── Data provided ──
(* Let $0\le k\le n$ be fixed. Let $\mathcal{G}=\{U^g\mid g\in G=\mathbb{Z}_2^{\times(n-k)}\}$, where $U^e=I^{\otimes n}$, be a Pauli stabilizer group on $\mathcal{H}\simeq(\mathbb{C}^2)^{\otimes n}$, i.e. $-I\notin\mathcal{G}$ and for all $g,h\in G$: $U^g\in\mathcal{P}_n$, $[U^g,U^h]=0$, $U^gU^h=U^{gh}\in\mathcal{G}$, and $U^g=U^h$ iff $g=h$. Then there exists $A\subseteq\{1,\ldots,n\}$ with exactly $k$ elements such that $\pi_A(U^g)=I^{\otimes n}$ if and only if $g=e$, where $\pi_A=\prod_{a\in A}\pi_a$.
   Context: $\mathcal{P}_n$ is the $n$-qubit Pauli group (operators $i^\lambda\mathcal{O}_1\cdots\mathcal{O}_n$, $\lambda\in\{0,1,2,3\}$, $\mathcal{O}_j\in\{I,X,Y,Z\}$ acting on qubit $j$). For $a\in\{1,\ldots,n\}$, $\pi_a:\mathcal{P}_n\to\mathcal{P}_n$ maps $i^\lambda\mathcal{O}_1\cdots\mathcal{O}_{a-1}\mathcal{O}_a\mathcal{O}_{a+1}\cdots\mathcal{O}_n$ to $\mathcal{O}_1\cdots\mathcal{O}_{a-1}I\mathcal{O}_{a+1}\cdots\mathcal{O}_n$, i.e. it replaces the $a$-th letter by the identity and removes any prefactor other than $1$. *)

From HB Require Import structures.
From mathcomp Require Import all_boot all_algebra.
Set Implicit Arguments. Unset Strict Implicit. Unset Printing Implicit Defensive.
Import GRing.Theory.
Local Open Scope ring_scope.

Inductive pauli := PI | PX | PY | PZ.

Definition pauli_to_nat (p : pauli) : nat :=
  match p with PI => 0 | PX => 1 | PY => 2 | PZ => 3 end.
Definition nat_to_pauli (k : nat) : pauli :=
  match k with 0 => PI | 1 => PX | 2 => PY | _ => PZ end.
Lemma pauli_natK : cancel pauli_to_nat nat_to_pauli. Proof. by case. Qed.
HB.instance Definition _ := Equality.copy pauli (can_type pauli_natK).

(* product of single-qubit Paulis: P * Q = i^(fst) * (snd) *)
Definition mulP1 (p q : pauli) : nat * pauli :=
  match p, q with
  | PI, r | r, PI => (0%N, r)
  | PX, PX | PY, PY | PZ, PZ => (0%N, PI)
  | PX, PY => (1%N, PZ) | PY, PX => (3%N, PZ)
  | PY, PZ => (1%N, PX) | PZ, PY => (3%N, PX)
  | PZ, PX => (1%N, PY) | PX, PZ => (3%N, PY)
  end.

(* an element i^phase O_1 ... O_n of the n-qubit Pauli group P_n *)
Record pauliop (n : nat) := PauliOp { phase : 'Z_4 ; letters : {ffun 'I_n -> pauli} }.

Definition pmul (n : nat) (u v : pauliop n) : pauliop n :=
  PauliOp (phase u + phase v + \sum_(j < n) ((mulP1 (letters u j) (letters v j)).1)%:R)
          [ffun j => (mulP1 (letters u j) (letters v j)).2].

Definition pid (n : nat) : pauliop n := PauliOp 0 [ffun _ => PI].
Definition pminus_id (n : nat) : pauliop n := PauliOp 2%:R [ffun _ => PI].

Definition pi_a (n : nat) (a : 'I_n) (u : pauliop n) : pauliop n :=
  PauliOp 0 [ffun j => if j == a then PI else letters u j].

Definition pi_A (n : nat) (A : {set 'I_n}) (u : pauliop n) : pauliop n :=
  foldr (@pi_a n) u (enum A).

(* The map g |-> U^g is injective even after forgetting phases: if U^g has
   only identity letters then U^g = i^p I with U^g U^g = U^e forcing p in {0,2},
   and p = 2 is excluded since -I is not in the group.  For each qubit j the g
   with an identity letter at j form a subgroup, and these subgroups meet
   trivially.  Greedily adding a qubit whose subgroup misses a nontrivial
   survivor at least halves the current intersection (Lagrange), so some set
   B of at most n - k qubits already has trivial intersection; any k qubits
   outside B form the required A. *)
From mathcomp Require Import all_boot all_fingroup all_algebra zify.
Set Implicit Arguments.
Unset Strict Implicit.
Unset Printing Implicit Defensive.
Import GRing.Theory.
Local Open Scope ring_scope.

Lemma exists_subset_card (T : finType) (S : {set T}) k :
  (k <= #|S|)%N -> exists A : {set T}, A \subset S /\ #|A| = k.
Proof.
move=> leqkS; exists [set x in take k (enum S)]; split.
  by apply/subsetP => x; rewrite inE => /mem_take; rewrite mem_enum.
rewrite cardsE (card_uniqP (take_uniq _ (enum_uniq _))).
by rewrite size_takel // -cardE.
Qed.

Section SmallTrivialSubfamily.

Variables (gT : finGroupType) (I : finType) (H : I -> {group gT}).
Local Open Scope group_scope.

Lemma small_subfamily_meet_trivial (G : {group gT}) :
  G :&: \bigcap_i H i = 1 ->
  exists B : {set I}, (2 ^ #|B| <= #|G|)%N /\ G :&: \bigcap_(i in B) H i = 1.
Proof.
move: {2}_.+1 (ltnSn #|G|) => m; elim: m G => // m IHm G leGm trivG.
have [G1 | /trivgPn[x Gx ntx]] := eqsVneq G 1.
  by exists set0; rewrite cards0 big_set0 setIT G1 cards1.
have [i Hi'x] : exists i, x \notin H i.
  apply/existsP; apply: contraR ntx; rewrite negb_exists => /forallP Hx.
  have : x \in G :&: \bigcap_i H i.
    by rewrite inE Gx; apply/bigcapP => i _; apply/negPn/Hx.
  by rewrite trivG => /set1gP ->.
have properGHi : ~~ (G \subset H i) by apply/subsetPn; exists x.
have halfGHi : (2 * #|G :&: H i| <= #|G|)%N.
  rewrite -(Lagrange (subsetIl G (H i))) mulnC leq_mul2l indexg_gt1.
  by rewrite subsetI subxx properGHi orbT.
have ltGHi : (#|G :&: H i| < m)%N.
  by rewrite -ltnS (leq_trans _ leGm) // ltnS (leq_trans _ halfGHi) // ltn_Pmull.
have GHi_meet : (G :&: H i)%G :&: \bigcap_j H j = 1.
  by apply/trivgP; rewrite -trivG setSI ?subsetIl.
have [B [cardB trivB]] := IHm _ ltGHi GHi_meet.
exists (i |: B); split.
  rewrite (leq_trans _ halfGHi) // (leq_trans _ (leq_mul (leqnn 2) cardB)) //.
  by rewrite -expnS leq_pexp2l // cardsU1 -add1n leq_add2r leq_b1.
apply/trivgP; rewrite -trivB; apply/subsetP => y; rewrite !inE => /andP[Gy HBy].
rewrite Gy; move/bigcapP: HBy => HBy.
by rewrite HBy ?setU11 //=; apply/bigcapP => j Bj; rewrite HBy // setU1r.
Qed.

End SmallTrivialSubfamily.

Lemma addmx_pchar2 (R : nzRingType) m n (A : 'M[R]_(m, n)) :
  2%N \in [pchar R] -> A + A = 0.
Proof. by move=> R2; apply/matrixP => i j; rewrite !mxE addrr_pchar2. Qed.

Lemma Z4_double_eq0 (p : 'Z_4) : p + p = 0 -> p = 0 \/ p = 2%:R.
Proof. by case: p => [[|[|[|[|?]]]] ?] //= _; [left | right]; apply/val_inj. Qed.

Definition pscalar n (p : 'Z_4) : pauliop n := PauliOp p [ffun=> PI].

Lemma pscalar_letters n (u : pauliop n) :
  (forall j, letters u j = PI) -> u = pscalar n (phase u).
Proof. by case: u => p L /= LI; congr PauliOp; apply/ffunP => j; rewrite LI ffunE. Qed.

Lemma pmul_pscalar n p q : pmul (pscalar n p) (pscalar n q) = pscalar n (p + q).
Proof.
rewrite /pmul /=; congr PauliOp; last by apply/ffunP => j; rewrite !ffunE.
by rewrite big1 ?addr0 // => j _; rewrite !ffunE.
Qed.

Lemma pi_A_letters n (A : {set 'I_n}) u j :
  letters (pi_A A u) j = if j \in A then PI else letters u j.
Proof.
rewrite /pi_A -mem_enum; elim: (enum A) => [|a s IH] //=.
by rewrite ffunE in_cons IH; case: (j == a).
Qed.

Lemma pi_A_pid n (A : {set 'I_n}) : pi_A A (pid n) = pid n.
Proof.
rewrite /pi_A; elim: (enum A) => //= a s ->.
by congr PauliOp; apply/ffunP => j; rewrite !ffunE; case: ifP.
Qed.

Section StabilizerGroup.

Variables (n m : nat) (U : 'rV['F_2]_m -> pauliop n).
Hypotheses (He : U 0 = pid n) (HminusI : forall g, U g <> pminus_id n).
Hypothesis Hhom : forall g h, pmul (U g) (U h) = U (g + h).
Hypothesis Hinj : forall g h, U g = U h <-> g = h.

Lemma stabilizer_letters_faithful g : (forall j, letters (U g) j = PI) -> g = 0.
Proof.
move/pscalar_letters; move: (phase (U g)) => p Ug.
have : p + p = 0.
  have := Hhom g g; rewrite addmx_pchar2 ?pchar_Fp // He Ug pmul_pscalar.
  by move/(congr1 (@phase n)).
case/Z4_double_eq0 => p_val; last by case: (@HminusI g); rewrite Ug p_val.
by apply/Hinj; rewrite Ug He p_val.
Qed.

Definition letter_kernel j := [set g | letters (U g) j == PI].

Lemma group_set_letter_kernel j : group_set (letter_kernel j).
Proof.
apply/group_setP; split => [|x y]; first by rewrite inE FinRing.zmod1gE He ffunE.
by rewrite !inE FinRing.zmodMgE -Hhom ffunE => /eqP-> /eqP->.
Qed.

Canonical letter_kernel_group j := Group (group_set_letter_kernel j).

Lemma exists_small_faithful_qubits :
  exists B : {set 'I_n}, (#|B| <= m)%N /\
    forall g, (forall j, j \in B -> letters (U g) j = PI) -> g = 0.
Proof.
have meet_trivial : [set: 'rV_m]%G :&: \bigcap_j letter_kernel_group j = 1%g.
  apply/trivgP/subsetP => g; rewrite inE => /andP[_ /bigcapP kerg]; apply/set1gP.
  apply: stabilizer_letters_faithful => j; apply/eqP.
  by have := kerg j isT; rewrite inE.
have [B [cardB trivB]] := small_subfamily_meet_trivial meet_trivial.
exists B; split.
  by move: cardB; rewrite cardsT card_mx card_Fp // mul1n leq_exp2l.
move=> g Bg; apply/set1gP; rewrite -trivB inE in_setT; apply/bigcapP => j Bj.
by rewrite inE Bg.
Qed.

End StabilizerGroup.

Theorem mainTheorem13 (n k : nat) (hk : (k <= n)%N)
  (U : 'rV['F_2]_(n - k) -> pauliop n)
  (He : U 0 = pid n)
  (HminusI : forall g, U g <> pminus_id n)
  (Hcomm : forall g h, pmul (U g) (U h) = pmul (U h) (U g))
  (Hhom : forall g h, pmul (U g) (U h) = U (g + h))
  (Hinj : forall g h, U g = U h <-> g = h) :
  exists A : {set 'I_n}, #|A| = k /\
    (forall g, pi_A A (U g) = pid n <-> g = 0).
Proof.
have [B [cardB faithfulB]] := exists_small_faithful_qubits He HminusI Hhom Hinj.
have [A [sAB cardA]] : exists A : {set 'I_n}, A \subset ~: B /\ #|A| = k.
  by apply: exists_subset_card; rewrite cardsCs setCK card_ord; lia.
exists A; split => // g; split => [piAg | ->]; last by rewrite He pi_A_pid.
apply: faithfulB => j Bj.
have /negbTE notAj : j \notin A by apply: contraL Bj => /(subsetP sAB); rewrite inE.
by have := congr1 (fun u => letters u j) piAg; rewrite pi_A_letters notAj ffunE.
Qed.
───
## Your goal
Copy back the listing above exactly, but only from the line with "by rewrite subsetI subxx properGHi orbT." through the line with "by apply/trivgP; rewrite", both ends included.

## Solution for this problem
  by rewrite subsetI subxx properGHi orbT.
have ltGHi : (#|G :&: H i| < m)%N.
  by rewrite -ltnS (leq_trans _ leGm) // ltnS (leq_trans _ halfGHi) // ltn_Pmull.
have GHi_meet : (G :&: H i)%G :&: \bigcap_j H j = 1.
  by apply/trivgP; rewrite -trivG setSI ?subsetIl.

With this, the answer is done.